# [Work to be completed]
Give back the records in full, with every line exactly as it was.

Stored data:
*****

(* Assume $D_1=D_2=D$ and, for $\mu>\mu_{c_1}(D,D)$, define $$A(\mu)=Z(\mu)\Bigl(\frac{D}{\gamma_2\lambda_Z}-f_2'(\lambda_Z)\Bigr)-\lambda_Zf_1'(N(\mu)),$$ where $N(\mu)=N(\mu,D,D)$, $Z(\mu)=Z(\mu,D,D)$, $\lambda_Z=\lambda_Z(D)$. The characteristic polynomial of the Jacobian $J(E_2(\mu))$ of $( * )$ at $E_2(\mu)$ is $(-D-x)\bigl(x^2-A(\mu)x-B(\mu)C(\mu)\bigr)$ with $B(\mu)=-(\lambda_Zf_1'(N(\mu))+D)/\gamma_2$ and $C(\mu)=\gamma_2Z(\mu)f_2'(\lambda_Z)$. (1) If $\frac{D}{\gamma_2\lambda_Z}>f_2'(\lambda_Z)$, then there exists $\mu_{c_2}>\mu_{c_1}(D,D)$ with $A(\mu_{c_2})=0$; at $\mu=\mu_{c_2}$, $J(E_2(\mu_{c_2}))$ has the eigenvalue $-D$ and a pair of nonzero purely imaginary complex conjugate eigenvalues, and for all $\mu$ in a neighborhood of $\mu_{c_2}$, $J(E_2(\mu))$ has the eigenvalue $-D$ and a pair of nonreal complex conjugate eigenvalues with real part $A(\mu)/2$. (2) If in addition $f_1$ is twice differentiable and $f_1''(N(\mu_{c_2}))<0$, then $A'(\mu_{c_2})>0$ (derivative in $\mu$), so the real part of the complex pair crosses zero with positive speed at $\mu_{c_2}$. (3) If in addition $f_1''(N)<0$ for all $N\ge0$, then $\mu_{c_2}$ is the unique zero of $A$ on $(\mu_{c_1}(D,D),\infty)$.
   Context: Standing setup. Let $D>0$, $\gamma_1>0$, $\gamma_2>0$ be constants and $\mu>0$ a parameter. Let $f_1,f_2:[0,\infty)\to[0,\infty)$ be continuously differentiable and bounded, with $f_i(0)=0$, $f_i'(x)>0$ for all $x\ge 0$, $\lim_{N\to\infty}f_1(N)>D/\gamma_1$ and $\lim_{P\to\infty}f_2(P)>D/\gamma_2$. Here $D_1=D_2=D$, so the system $( * )$ is $$\frac{dN}{dt}=(\mu-N)D-Pf_1(N),\quad \frac{dP}{dt}=\gamma_1Pf_1(N)-DP-Zf_2(P),\quad \frac{dZ}{dt}=\gamma_2Zf_2(P)-DZ.$$ $\lambda_P(D)$ is the unique number with $f_1(\lambda_P(D))=D/\gamma_1$, $\lambda_Z(D)$ the unique number with $f_2(\lambda_Z(D))=D/\gamma_2$, and $\mu_{c_1}(D,D)=\lambda_P(D)+\lambda_Z(D)/\gamma_1$. For $\mu>\mu_{c_1}(D,D)$, $N(\mu,D,D)$ is the unique solution $N\in(0,\mu)$ of $(\mu-N)D-\lambda_Z(D)f_1(N)=0$, $Z(\mu,D,D)=(\gamma_2/D)\lambda_Z(D)\bigl(\gamma_1f_1(N(\mu,D,D))-D\bigr)>0$, and $E_2(\mu)=(N(\mu,D,D),\lambda_Z(D),Z(\mu,D,D))$ is the coexistence equilibrium. *)

From Stdlib Require Import Reals Lra.
Open Scope R_scope.

Definition Cx : Type := (R * R)%type.
Definition RtoC (a : R) : Cx := (a, 0).
Definition Cadd (z w : Cx) : Cx := (fst z + fst w, snd z + snd w).
Definition Copp (z : Cx) : Cx := (- fst z, - snd z).
Definition Csub (z w : Cx) : Cx := Cadd z (Copp w).
Definition Cmul (z w : Cx) : Cx :=
  (fst z * fst w - snd z * snd w, fst z * snd w + snd z * fst w).

Definition det3C (M : nat -> nat -> Cx) : Cx :=
  Csub
   (Cadd (Cadd (Cmul (M 0%nat 0%nat) (Cmul (M 1%nat 1%nat) (M 2%nat 2%nat)))
               (Cmul (M 0%nat 1%nat) (Cmul (M 1%nat 2%nat) (M 2%nat 0%nat))))
         (Cmul (M 0%nat 2%nat) (Cmul (M 1%nat 0%nat) (M 2%nat 1%nat))))
   (Cadd (Cadd (Cmul (M 0%nat 2%nat) (Cmul (M 1%nat 1%nat) (M 2%nat 0%nat)))
               (Cmul (M 0%nat 1%nat) (Cmul (M 1%nat 0%nat) (M 2%nat 2%nat))))
         (Cmul (M 0%nat 0%nat) (Cmul (M 1%nat 2%nat) (M 2%nat 1%nat)))).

*****

# [Worked solution]
(* Assume $D_1=D_2=D$ and, for $\mu>\mu_{c_1}(D,D)$, define $$A(\mu)=Z(\mu)\Bigl(\frac{D}{\gamma_2\lambda_Z}-f_2'(\lambda_Z)\Bigr)-\lambda_Zf_1'(N(\mu)),$$ where $N(\mu)=N(\mu,D,D)$, $Z(\mu)=Z(\mu,D,D)$, $\lambda_Z=\lambda_Z(D)$. The characteristic polynomial of the Jacobian $J(E_2(\mu))$ of $( * )$ at $E_2(\mu)$ is $(-D-x)\bigl(x^2-A(\mu)x-B(\mu)C(\mu)\bigr)$ with $B(\mu)=-(\lambda_Zf_1'(N(\mu))+D)/\gamma_2$ and $C(\mu)=\gamma_2Z(\mu)f_2'(\lambda_Z)$. (1) If $\frac{D}{\gamma_2\lambda_Z}>f_2'(\lambda_Z)$, then there exists $\mu_{c_2}>\mu_{c_1}(D,D)$ with $A(\mu_{c_2})=0$; at $\mu=\mu_{c_2}$, $J(E_2(\mu_{c_2}))$ has the eigenvalue $-D$ and a pair of nonzero purely imaginary complex conjugate eigenvalues, and for all $\mu$ in a neighborhood of $\mu_{c_2}$, $J(E_2(\mu))$ has the eigenvalue $-D$ and a pair of nonreal complex conjugate eigenvalues with real part $A(\mu)/2$. (2) If in addition $f_1$ is twice differentiable and $f_1''(N(\mu_{c_2}))<0$, then $A'(\mu_{c_2})>0$ (derivative in $\mu$), so the real part of the complex pair crosses zero with positive speed at $\mu_{c_2}$. (3) If in addition $f_1''(N)<0$ for all $N\ge0$, then $\mu_{c_2}$ is the unique zero of $A$ on $(\mu_{c_1}(D,D),\infty)$.
   Context: Standing setup. Let $D>0$, $\gamma_1>0$, $\gamma_2>0$ be constants and $\mu>0$ a parameter. Let $f_1,f_2:[0,\infty)\to[0,\infty)$ be continuously differentiable and bounded, with $f_i(0)=0$, $f_i'(x)>0$ for all $x\ge 0$, $\lim_{N\to\infty}f_1(N)>D/\gamma_1$ and $\lim_{P\to\infty}f_2(P)>D/\gamma_2$. Here $D_1=D_2=D$, so the system $( * )$ is $$\frac{dN}{dt}=(\mu-N)D-Pf_1(N),\quad \frac{dP}{dt}=\gamma_1Pf_1(N)-DP-Zf_2(P),\quad \frac{dZ}{dt}=\gamma_2Zf_2(P)-DZ.$$ $\lambda_P(D)$ is the unique number with $f_1(\lambda_P(D))=D/\gamma_1$, $\lambda_Z(D)$ the unique number with $f_2(\lambda_Z(D))=D/\gamma_2$, and $\mu_{c_1}(D,D)=\lambda_P(D)+\lambda_Z(D)/\gamma_1$. For $\mu>\mu_{c_1}(D,D)$, $N(\mu,D,D)$ is the unique solution $N\in(0,\mu)$ of $(\mu-N)D-\lambda_Z(D)f_1(N)=0$, $Z(\mu,D,D)=(\gamma_2/D)\lambda_Z(D)\bigl(\gamma_1f_1(N(\mu,D,D))-D\bigr)>0$, and $E_2(\mu)=(N(\mu,D,D),\lambda_Z(D),Z(\mu,D,D))$ is the coexistence equilibrium. *)

From Stdlib Require Import Reals Lra.
Open Scope R_scope.

Definition Cx : Type := (R * R)%type.
Definition RtoC (a : R) : Cx := (a, 0).
Definition Cadd (z w : Cx) : Cx := (fst z + fst w, snd z + snd w).
Definition Copp (z : Cx) : Cx := (- fst z, - snd z).
Definition Csub (z w : Cx) : Cx := Cadd z (Copp w).
Definition Cmul (z w : Cx) : Cx :=
  (fst z * fst w - snd z * snd w, fst z * snd w + snd z * fst w).

Definition det3C (M : nat -> nat -> Cx) : Cx :=
  Csub
   (Cadd (Cadd (Cmul (M 0%nat 0%nat) (Cmul (M 1%nat 1%nat) (M 2%nat 2%nat)))
               (Cmul (M 0%nat 1%nat) (Cmul (M 1%nat 2%nat) (M 2%nat 0%nat))))
         (Cmul (M 0%nat 2%nat) (Cmul (M 1%nat 0%nat) (M 2%nat 1%nat))))
   (Cadd (Cadd (Cmul (M 0%nat 2%nat) (Cmul (M 1%nat 1%nat) (M 2%nat 0%nat)))
               (Cmul (M 0%nat 1%nat) (Cmul (M 1%nat 0%nat) (M 2%nat 2%nat))))
         (Cmul (M 0%nat 0%nat) (Cmul (M 1%nat 2%nat) (M 2%nat 1%nat)))).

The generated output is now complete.